Segment Start: DATA EXCERPTS

Lemma mx_ratfn_sum N Q n (I : Type) (r : seq I) (F : I -> R -> 'M[C]_N) :
  (forall x, mx_ratfn Q n (F x)) -> mx_ratfn Q n (fun t => \sum_(x <- r) F x t).
Proof.
move=> ratF i j; apply: eq_ratfn (ratfn_sum r (fun x => ratF x i j)) => t _.
by rewrite summxE.
Qed.

Lemma mx_ratfnM N Q1 Q2 n1 n2 (A B : R -> 'M[C]_N) :
  mx_ratfn Q1 n1 A -> mx_ratfn Q2 n2 B ->
  mx_ratfn (Q1 * Q2) (n1 + n2) (fun t => A t *m B t).
Proof.
move=> ratA ratB i j.
apply: eq_ratfn (ratfn_sum (index_enum _) (fun l => ratfnM (ratA i l) (ratB l j))) => t _.
by rewrite mxE.
Qed.

Lemma mx_ratfn_mull N Q n (K : 'M[C]_N) (B : R -> 'M[C]_N) :
  mx_ratfn Q n B -> mx_ratfn Q n (fun t => K *m B t).
Proof.
move=> ratB i j.
apply: eq_ratfn (ratfn_sum (index_enum _) (fun l => ratfnZ (K i l) (ratB l j))) => t _.
by rewrite mxE.
Qed.

Lemma mx_ratfn_mulr N Q n (K : 'M[C]_N) (B : R -> 'M[C]_N) :
  mx_ratfn Q n B -> mx_ratfn Q n (fun t => B t *m K).
Proof.
move=> ratB i j.
apply: eq_ratfn (ratfn_sum (index_enum _) (fun l => ratfnZ (K l j) (ratB i l))) => t _.
by rewrite mxE; apply: eq_bigr => l _; rewrite mulrC.
Qed.

Lemma mx_ratfn_adj N Q n (A : R -> 'M[C]_N) :
  mx_ratfn Q n A -> mx_ratfn (map_poly conjc Q) n (fun t => adjmx (A t)).
Proof. by move=> ratA i j; apply: eq_ratfn (ratfnJ (ratA j i)) => t _; rewrite !mxE. Qed.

Segment End: DATA EXCERPTS

(WORK TASK) Nothing but the lines with "apply" should be returned, copied from the entries above.

(RESULT)
move=> ratF i j; apply: eq_ratfn (ratfn_sum r (fun x => ratF x i j)) => t _.
apply: eq_ratfn (ratfn_sum (index_enum _) (fun l => ratfnM (ratA i l) (ratB l j))) => t _.
apply: eq_ratfn (ratfn_sum (index_enum _) (fun l => ratfnZ (K i l) (ratB l j))) => t _.
apply: eq_ratfn (ratfn_sum (index_enum _) (fun l => ratfnZ (K l j) (ratB i l))) => t _.
by rewrite mxE; apply: eq_bigr => l _; rewrite mulrC.
Proof. by move=> ratA i j; apply: eq_ratfn (ratfnJ (ratA j i)) => t _; rewrite !mxE. Qed.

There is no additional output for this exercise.